In my investigation over the past few days, I have discovered that Dyalog (Dyadic at the time) was slow to distribute Adrian’s new fonts. The Unicode translate table embedded in the product, that formed the basis for ⎕AVU, was also not updated accordingly. Since version 10.1 in 2004, we distributed the new TrueType fonts, but still did not distribute new versions of the Dyalog Alt and Dyalog Std bitmap fonts (not even in v13.0, we missed this again, my excuse is that the fonts are not really in use any longer). Since 2007, we have provided “Dyalog Symbol”, which correctly reflects the change. I can see that anyone who has continued to use the Std or Alt bitmap fonts as distributed by Dyalog might believe that ⎕AV[59+⎕IO] was still ¤.

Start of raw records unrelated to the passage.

(* In the setting below, let $\eta\in\mathbb{C}^V$ satisfy $\mu_p\|\eta\|_p<1$. Then $I+\alpha_0G_0^{V;V}D_\eta$ is invertible, the forward Born series $\sum_{j=1}^\infty K_j(\eta,\dots,\eta)$ converges in $\ell^p(R\times S)$, $\Lambda_\eta=G_0^{R;S}-\sum_{j=1}^\infty K_j(\eta,\dots,\eta)$, and for every $N\ge1$ $$\Big\|\Lambda_\eta-\Big(G_0^{R;S}-\sum_{j=1}^N K_j(\eta,\dots,\eta)\Big)\Big\|_{\ell^p(R\times S)}\le \nu_p\,\|\eta\|_p^{N+1}\mu_p^{N}\,\frac{1}{1-\mu_p\|\eta\|_p}.$$
   Context: Setting: Let $V$ and $\delta V$ be finite disjoint sets (interior and boundary vertices of a graph), let $R,S\subseteq\delta V$ be nonempty (receivers and sources), let $\alpha_0>0$, and let $G_0$ (the background Green's function) be a complex matrix with rows and columns indexed by $V\cup\delta V$. (In the paper, $G_0(x,y)$ is the value at $x$ of the solution of the discrete diffusion equation $Lu+\alpha_0u=f$ on $V$, $L$ the combinatorial Laplacian, with Robin boundary condition $tu+\partial u=g$ on $\delta V$, for a unit source at $y$; only the matrix $G_0$ is used.) For $U,W\subseteq V\cup\delta V$, $G_0^{U;W}$ is the submatrix with rows indexed by $U$ and columns by $W$; for a single vertex $r$, $G_0^{r;V}$ is a row vector and $G_0^{V;s}$ a column vector. For $a\in\mathbb{C}^V$, $D_a$ is the diagonal $V\times V$ matrix with diagonal $a$. For $j\ge1$ define the multilinear map $K_j:(\mathbb{C}^V)^j\to\mathbb{C}^{R\times S}$ by $$K_j(\eta_1,\dots,\eta_j)(r,s)=(-1)^{j+1}\alpha_0^{\,j}\,G_0^{r;V}D_{\eta_1}G_0^{V;V}D_{\eta_2}\cdots G_0^{V;V}D_{\eta_j}G_0^{V;s},\qquad r\in R,\ s\in S.$$ Fix $p,q\in[1,\infty]$ with $1/p+1/q=1$; $\|\cdot\|_p$ is the $\ell^p$ norm on $\mathbb{C}^V$ and on $\mathbb{C}^{R\times S}$ (the latter viewed as a vector of length $|R||S|$). Define $$\nu_p=\alpha_0\Big(\sum_{r\in R}\|G_0^{r;V}\|_{\ell^q(V)}^p\Big)^{1/p}\Big(\sum_{s\in S}\|G_0^{V;s}\|_{\ell^q(V)}^p\Big)^{1/p},\qquad \mu_p=\alpha_0\max_{v\in V}\|G_0^{v;V}\|_{\ell^q(V)}$$ (with the usual modification of the outer sums to maxima when $p=\infty$). For a vertex potential $\eta\in\mathbb{C}^V$ such that $I+\alpha_0G_0^{V;V}D_\eta$ is invertible, the Robin-to-Dirichlet map $\Lambda_\eta\in\mathbb{C}^{R\times S}$ (value at receiver $r$ of the solution of the perturbed problem $Lu+\alpha_0(1+\eta)u=0$ with unit Robin source at $s$) is given by $$\Lambda_\eta(r,s)=G_0(r,s)-\alpha_0\,G_0^{r;V}D_\eta\big(I+\alpha_0G_0^{V;V}D_\eta\big)^{-1}G_0^{V;s}.$$ *)

From Stdlib Require Import Reals List.
Import ListNotations.
Open Scope R_scope.

Definition Cplx : Type := (R * R)%type.
Definition RtoC (x : R) : Cplx := (x, 0).
Definition C0 : Cplx := (0, 0).
Definition C1 : Cplx := (1, 0).
Definition Cadd (z w : Cplx) : Cplx := (fst z + fst w, snd z + snd w).
Definition Copp (z : Cplx) : Cplx := (- fst z, - snd z).
Definition Csub (z w : Cplx) : Cplx := Cadd z (Copp w).
Definition Cmul (z w : Cplx) : Cplx :=
  (fst z * fst w - snd z * snd w, fst z * snd w + snd z * fst w).
Definition Cmod (z : Cplx) : R := sqrt (fst z ^ 2 + snd z ^ 2).

Definition Csum {A : Type} (l : list A) (f : A -> Cplx) : Cplx :=
  fold_right (fun x acc => Cadd (f x) acc) C0 l.
Definition Rsum {A : Type} (l : list A) (f : A -> R) : R :=
  fold_right (fun x acc => f x + acc) 0 l.
Definition Rmaxl {A : Type} (l : list A) (f : A -> R) : R :=
  fold_right (fun x acc => Rmax (f x) acc) 0 l.

Inductive ext : Type := Fin (a : R) | Infty.

Definition conj_exp (p q : ext) : Prop :=
  match p, q with
  | Fin a, Fin b => 1 < a /\ 1 < b /\ / a + / b = 1
  | Fin a, Infty => a = 1
  | Infty, Fin b => b = 1
  | Infty, Infty => False
  end.

(** real power of a nonnegative number, with 0^a = 0 *)
Definition rpow (x a : R) : R :=
  if Rle_dec x 0 then 0 else Rpower x a.

(** l^p norm of the nonnegative family (f x)_{x in l} (f x = |component|) *)
Definition lpnorm {A : Type} (p : ext) (l : list A) (f : A -> R) : R :=
  match p with
  | Fin a => rpow (Rsum l (fun x => rpow (f x) a)) (/ a)
  | Infty => Rmaxl l f
  end.

(** Vertices are labelled by natural numbers; V, dV are the (duplicate-free)
    lists of interior and boundary vertices. Matrices/vectors are functions. *)

Definition nu_p (p q : ext) (V R_ S_ : list nat) (alpha0 : R)
    (G0 : nat -> nat -> Cplx) : R :=
  alpha0 * lpnorm p R_ (fun r => lpnorm q V (fun v => Cmod (G0 r v)))
         * lpnorm p S_ (fun s => lpnorm q V (fun v => Cmod (G0 v s))).

Definition mu_p (q : ext) (V : list nat) (alpha0 : R) (G0 : nat -> nat -> Cplx) : R :=
  alpha0 * Rmaxl V (fun v => lpnorm q V (fun w => Cmod (G0 v w))).

(** chain etas s x = (G0^{x;V} D_{eta_1} G0^{V;V} D_{eta_2} ... G0^{V;V} D_{eta_j} G0^{V;s})
    for etas = [eta_1; ...; eta_j]  (and G0 x s for the empty list). *)
Fixpoint chain (V : list nat) (G0 : nat -> nat -> Cplx) (etas : list (nat -> Cplx))
    (s x : nat) : Cplx :=
  match etas with
  | [] => G0 x s
  | eta :: rest => Csum V (fun v => Cmul (Cmul (G0 x v) (eta v)) (chain V G0 rest s v))
  end.

Definition Kj (V : list nat) (alpha0 : R) (G0 : nat -> nat -> Cplx)
    (etas : list (nat -> Cplx)) (r s : nat) : Cplx :=
  Cmul (RtoC ((-1) ^ (S (length etas)) * alpha0 ^ (length etas)))
       (chain V G0 etas s r).

Fixpoint born_partial (V : list nat) (alpha0 : R) (G0 : nat -> nat -> Cplx)
    (eta : nat -> Cplx) (N : nat) (r s : nat) : Cplx :=
  match N with
  | O => C0
  | S n => Cadd (born_partial V alpha0 G0 eta n r s)
                (Kj V alpha0 G0 (repeat eta (S n)) r s)
  end.

Definition kron (x y : nat) : Cplx := if Nat.eq_dec x y then C1 else C0.

(** A = I + alpha0 G0^{V;V} D_eta, entries on V x V *)
Definition Amat (alpha0 : R) (G0 : nat -> nat -> Cplx) (eta : nat -> Cplx) (x y : nat) : Cplx :=
  Cadd (kron x y) (Cmul (RtoC alpha0) (Cmul (G0 x y) (eta y))).

Definition is_inverse_on (V : list nat) (A M : nat -> nat -> Cplx) : Prop :=
  (forall x y, In x V -> In y V -> Csum V (fun z => Cmul (A x z) (M z y)) = kron x y) /\
  (forall x y, In x V -> In y V -> Csum V (fun z => Cmul (M x z) (A z y)) = kron x y).

(** Robin-to-Dirichlet map given the inverse M of I + alpha0 G0^{V;V} D_eta:
    Lambda(r,s) = G0(r,s) - alpha0 G0^{r;V} D_eta M G0^{V;s} *)
Definition Lambda (V : list nat) (alpha0 : R) (G0 : nat -> nat -> Cplx) (eta : nat -> Cplx)
    (M : nat -> nat -> Cplx) (r s : nat) : Cplx :=
  Csub (G0 r s)
    (Cmul (RtoC alpha0)
       (Csum V (fun v => Cmul (Cmul (G0 r v) (eta v))
                              (Csum V (fun u => Cmul (M v u) (G0 u s)))))).

From Pilot Require Import Defs.
From Stdlib Require Import Reals List Lra Lia Psatz Ring.
From Coquelicot Require Complex.
Import ListNotations.
Open Scope R_scope.

(* Let T be the operator w |-> (x |-> α0 Σ_{u∈V} G0(x,u) η(u) w(u)). Hölder's inequality gives
   |T w (x)| <= α0 ‖G0^{x;V}‖_q ‖η‖_p sup_V |w|, so on functions on V the operator T is a
   contraction of ratio t = μ_p ‖η‖_p < 1 for the sup norm. Hence the Neumann series Σ_k (-T)^k
   inverts I + T = I + α0 G0^{V;V} D_η, K_j(η,…,η)(r,s) = T((-T)^{j-1} G0^{V;s})(r), and
   Λ_η(r,s) = G0(r,s) - T m_s (r) where (I + T) m_s = G0^{V;s}. The Born remainder is T applied
   to m_s - Σ_{j<N} (-T)^j G0^{V;s} = (-T)^N m_s, whose sup norm is at most
   t^N ‖G0^{V;s}‖_q / (1 - t); the last application of T at the receiver r and the ℓ^p norm over
   R × S produce the factor ν_p ‖η‖_p. *)

(* [Reals] exports an unrelated [C1], hence the qualified [Defs.C1]. *)
Lemma Cplx_ring_theory : ring_theory C0 Defs.C1 Cadd Cmul Csub Copp (@eq Cplx).
Proof.
  split; intros; apply injective_projections; cbv [Csub Cadd Copp Cmul C0 Defs.C1]; simpl; ring.
Qed.

Add Ring Cplx_ring : Cplx_ring_theory.

Lemma RtoC_mul x y : RtoC (x * y) = Cmul (RtoC x) (RtoC y).
Proof. apply injective_projections; cbv [RtoC Cmul]; simpl; ring. Qed.

Lemma RtoC_opp x : RtoC (- x) = Copp (RtoC x).
Proof. apply injective_projections; cbv [RtoC Copp]; simpl; ring. Qed.

Lemma RtoC_1 : RtoC 1 = Defs.C1.
Proof. reflexivity. Qed.

(* [Cplx] and its operations are definitionally those of Coquelicot's [Complex.C]. *)
Lemma Cmod_ge0 z : 0 <= Cmod z.
Proof. exact (Complex.Cmod_ge_0 z). Qed.

Lemma Cmod_Cadd_le z w : Cmod (Cadd z w) <= Cmod z + Cmod w.
Proof. exact (Complex.Cmod_triangle z w). Qed.

Lemma Cmod_Cmul z w : Cmod (Cmul z w) = Cmod z * Cmod w.
Proof. exact (Complex.Cmod_mult z w). Qed.

Lemma Cmod_Copp z : Cmod (Copp z) = Cmod z.
Proof. exact (Complex.Cmod_opp z). Qed.

Lemma Cmod_RtoC x : Cmod (RtoC x) = Rabs x.
Proof. exact (Complex.Cmod_R x). Qed.

Lemma Cmod_C0 : Cmod C0 = 0.
Proof. exact Complex.Cmod_0. Qed.

Lemma Cmod_C1 : Cmod Defs.C1 = 1.
Proof. exact Complex.Cmod_1. Qed.

Lemma Cmod_Csub_le z w : Cmod (Csub z w) <= Cmod z + Cmod w.
Proof. unfold Csub; rewrite <- (Cmod_Copp w); apply Cmod_Cadd_le. Qed.

Lemma Cmod_Csub_sym z w : Cmod (Csub z w) = Cmod (Csub w z).
Proof. rewrite <- Cmod_Copp; f_equal; ring. Qed.

Lemma Rabs_fst_le_Cmod z : Rabs (fst z) <= Cmod z.
Proof.
  pose proof (Complex.Rmax_Cmod z); pose proof (Rmax_l (Rabs (fst z)) (Rabs (snd z))).
  change (Rabs (fst z) <= Complex.Cmod z); lra.
Qed.

Lemma Rabs_snd_le_Cmod z : Rabs (snd z) <= Cmod z.
Proof.
  pose proof (Complex.Rmax_Cmod z); pose proof (Rmax_r (Rabs (fst z)) (Rabs (snd z))).
  change (Rabs (snd z) <= Complex.Cmod z); lra.
Qed.

Lemma Cmod_kron_le x y : Cmod (kron x y) <= 1.
Proof. unfold kron; destruct (Nat.eq_dec x y); [rewrite Cmod_C1 | rewrite Cmod_C0]; lra. Qed.

Lemma kron_sym x y : kron x y = kron y x.
Proof. unfold kron; destruct (Nat.eq_dec x y), (Nat.eq_dec y x); congruence. Qed.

To summarize: I think the changes were both correct and necessary, but I do agree that we should have emphasized the fact, and it would have been even better if we had not made the errors in the first place.

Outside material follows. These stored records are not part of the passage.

(* Let $s\ge 1$, $q=4^{2s}$, and let $\theta$ be the automorphism of $F_q$ given by $\theta(a)=a^{4^s}$. Let $n$ be an even positive integer, let $g(x)\in F_q[x;\theta]$ be a right divisor of $x^n-1$ in $F_q[x;\theta]$ whose degree $m$ is odd, and let $C=\langle g(x)\rangle$ be the skew cyclic code of length $n$ over $F_q$ it generates. If $g(x)$ is a $\theta$-palindromic polynomial, then $C$ is a reversible DNA code. Conversely, if $C$ is a reversible DNA code, then $C$ is generated by a $\theta$-palindromic polynomial.
   Context: $F_q[x;\theta]$ is the skew polynomial ring: polynomials $\sum a_ix^i$ with $a_i\in F_q$, usual addition, and multiplication determined by $xa=\theta(a)x$ for $a\in F_q$. A skew cyclic code of length $n$ is a linear code $C\subseteq F_q^n$ such that $(\theta(c_{n-1}),\theta(c_0),\ldots,\theta(c_{n-2}))\in C$ whenever $(c_0,\ldots,c_{n-1})\in C$; identifying $(c_0,\ldots,c_{n-1})$ with $c_0+c_1x+\dots+c_{n-1}x^{n-1}$, such codes are the left $F_q[x;\theta]$-submodules of $F_q[x;\theta]/(x^n-1)$, and $\langle g(x)\rangle$ denotes the left submodule generated by $g(x)$ (the generator need not be monic). A polynomial $f(x)=a_0+a_1x+\dots+a_tx^t$ of degree $t$ is palindromic if $a_i=a_{t-i}$ for all $i$, and $\theta$-palindromic if $a_i=\theta(a_{t-i})$ for all $i$. DNA correspondence: there is a fixed bijection $\tau:F_{4^{2s}}\to\{A,T,G,C\}^{2s}$ such that for every $\beta$, $\tau(\beta^{4^s})$ is the reverse of the string $\tau(\beta)$; it extends to $\phi:F_q^n\to\{A,T,G,C\}^{2sn}$ by concatenation. A code $C\subseteq F_q^n$ is a reversible DNA code if the reverse string $\phi(c)^r$ lies in $\phi(C)$ for all $c\in C$; equivalently, $(\theta(c_{n-1}),\ldots,\theta(c_1),\theta(c_0))\in C$ for every $(c_0,\ldots,c_{n-1})\in C$. *)

From HB Require Import structures.
From mathcomp Require Import all_boot all_order all_algebra all_field.
Set Implicit Arguments. Unset Strict Implicit. Unset Printing Implicit Defensive.
Import GRing.Theory.
Local Open Scope ring_scope.

Definition theta (s : nat) (F : finFieldType) (a : F) : F := a ^+ (4 ^ s).

(* Skew polynomials over F are represented by their coefficient sequence,
   i.e. by elements of {poly F} (addition is the usual one); the skew
   multiplication is determined by x a = th(a) x:
   (sum_i p_i x^i)(sum_j q_j x^j) = sum_k (sum_{i+j=k} p_i th^i(q_j)) x^k. *)
Definition skew_mul (F : fieldType) (th : F -> F) (p q : {poly F}) : {poly F} :=
  \poly_(k < size p + size q)
     \sum_(i < k.+1) p`_i * iter i th (q`_(k - i)).

Definition skew_right_divides (F : fieldType) (th : F -> F) (g f : {poly F}) : Prop :=
  exists h : {poly F}, f = skew_mul th h g.

Definition poly_of_vec (F : fieldType) (n : nat) (c : 'rV[F]_n) : {poly F} :=
  \sum_(i < n) (c ord0 i)%:P * 'X^i.

(* The left F[x;th]-submodule <g> of F[x;th]/(x^n - 1) generated by g,
   viewed as a subset of F^n.  Since the ideal (x^n - 1) is two-sided here
   (th has order dividing n when used), membership of c means that
   c(x) = f*g + h*(x^n - 1) for some skew polynomials f, h. *)
Definition skew_code_gen (F : fieldType) (th : F -> F) (n : nat) (g : {poly F})
  (c : 'rV[F]_n) : Prop :=
  exists f h : {poly F},
    poly_of_vec c = skew_mul th f g + skew_mul th h ('X^n - 1).

Definition theta_palindromic (F : fieldType) (th : F -> F) (p : {poly F}) : Prop :=
  p != 0 /\ forall i : nat, (i <= (size p).-1)%N -> p`_i = th (p`_((size p).-1 - i)).

Inductive nucleotide := nA | nT | nG | nC.

Definition DNA_correspondence (s : nat) (F : finFieldType)
  (tau : F -> seq nucleotide) : Prop :=
  [/\ forall b, size (tau b) = (2 * s)%N,
      injective tau,
      forall w : seq nucleotide, size w = (2 * s)%N -> exists b, tau b = w
    & forall b, tau (b ^+ (4 ^ s)) = rev (tau b)].

Definition phi_DNA (F : finFieldType) (tau : F -> seq nucleotide) (n : nat)
  (c : 'rV[F]_n) : seq nucleotide :=
  flatten [seq tau (c ord0 i) | i <- enum 'I_n].

Definition reversible_DNA (F : finFieldType) (tau : F -> seq nucleotide) (n : nat)
  (C : 'rV[F]_n -> Prop) : Prop :=
  forall c, C c -> exists c', C c' /\ phi_DNA tau c' = rev (phi_DNA tau c).
Arguments skew_code_gen {F} th n g c.

From HB Require Import structures.
From mathcomp Require Import all_boot all_order all_algebra all_field.
From mathcomp Require Import zify.
Import GRing.Theory.
Local Open Scope ring_scope.
Set Implicit Arguments. Unset Strict Implicit. Unset Printing Implicit Defensive.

Phil Last wrote:So who is supposed to benefit by the above changes which necessitate either file changes or code changes or both when all users of Classic are doing is to delay an inevitable change until they can switch resources to make the necessary simplification to their systems and switch to Unicode?

The intention is that everyone who has yet to start converting applications to Unicode will benefit from Classic APL having a “correct” Unicode Translate table (⎕AVU) when the conversion begins. I believe that the only people who have been “burned” by the change are those who have been using a mixture of Classic and Unicode across more than one release since 12.0. We will do what we can to ensure that there will be no more changes.

I hope this makes you feel a little better about our reasoning, even if it won’t give you back the time that you have lost in dealing with the issue!

Best regards,
Morten

Re: ⎕AVU changes

Posted: Sat Jun 11, 2011 9:09 pm
by Phil Last
Morten wrote:I hope this makes you feel a little better about our reasoning, even if it won’t give you back the time that you have lost in dealing with the issue!


It certainly does. Thanks for an honest and comprehensive reply.

Phil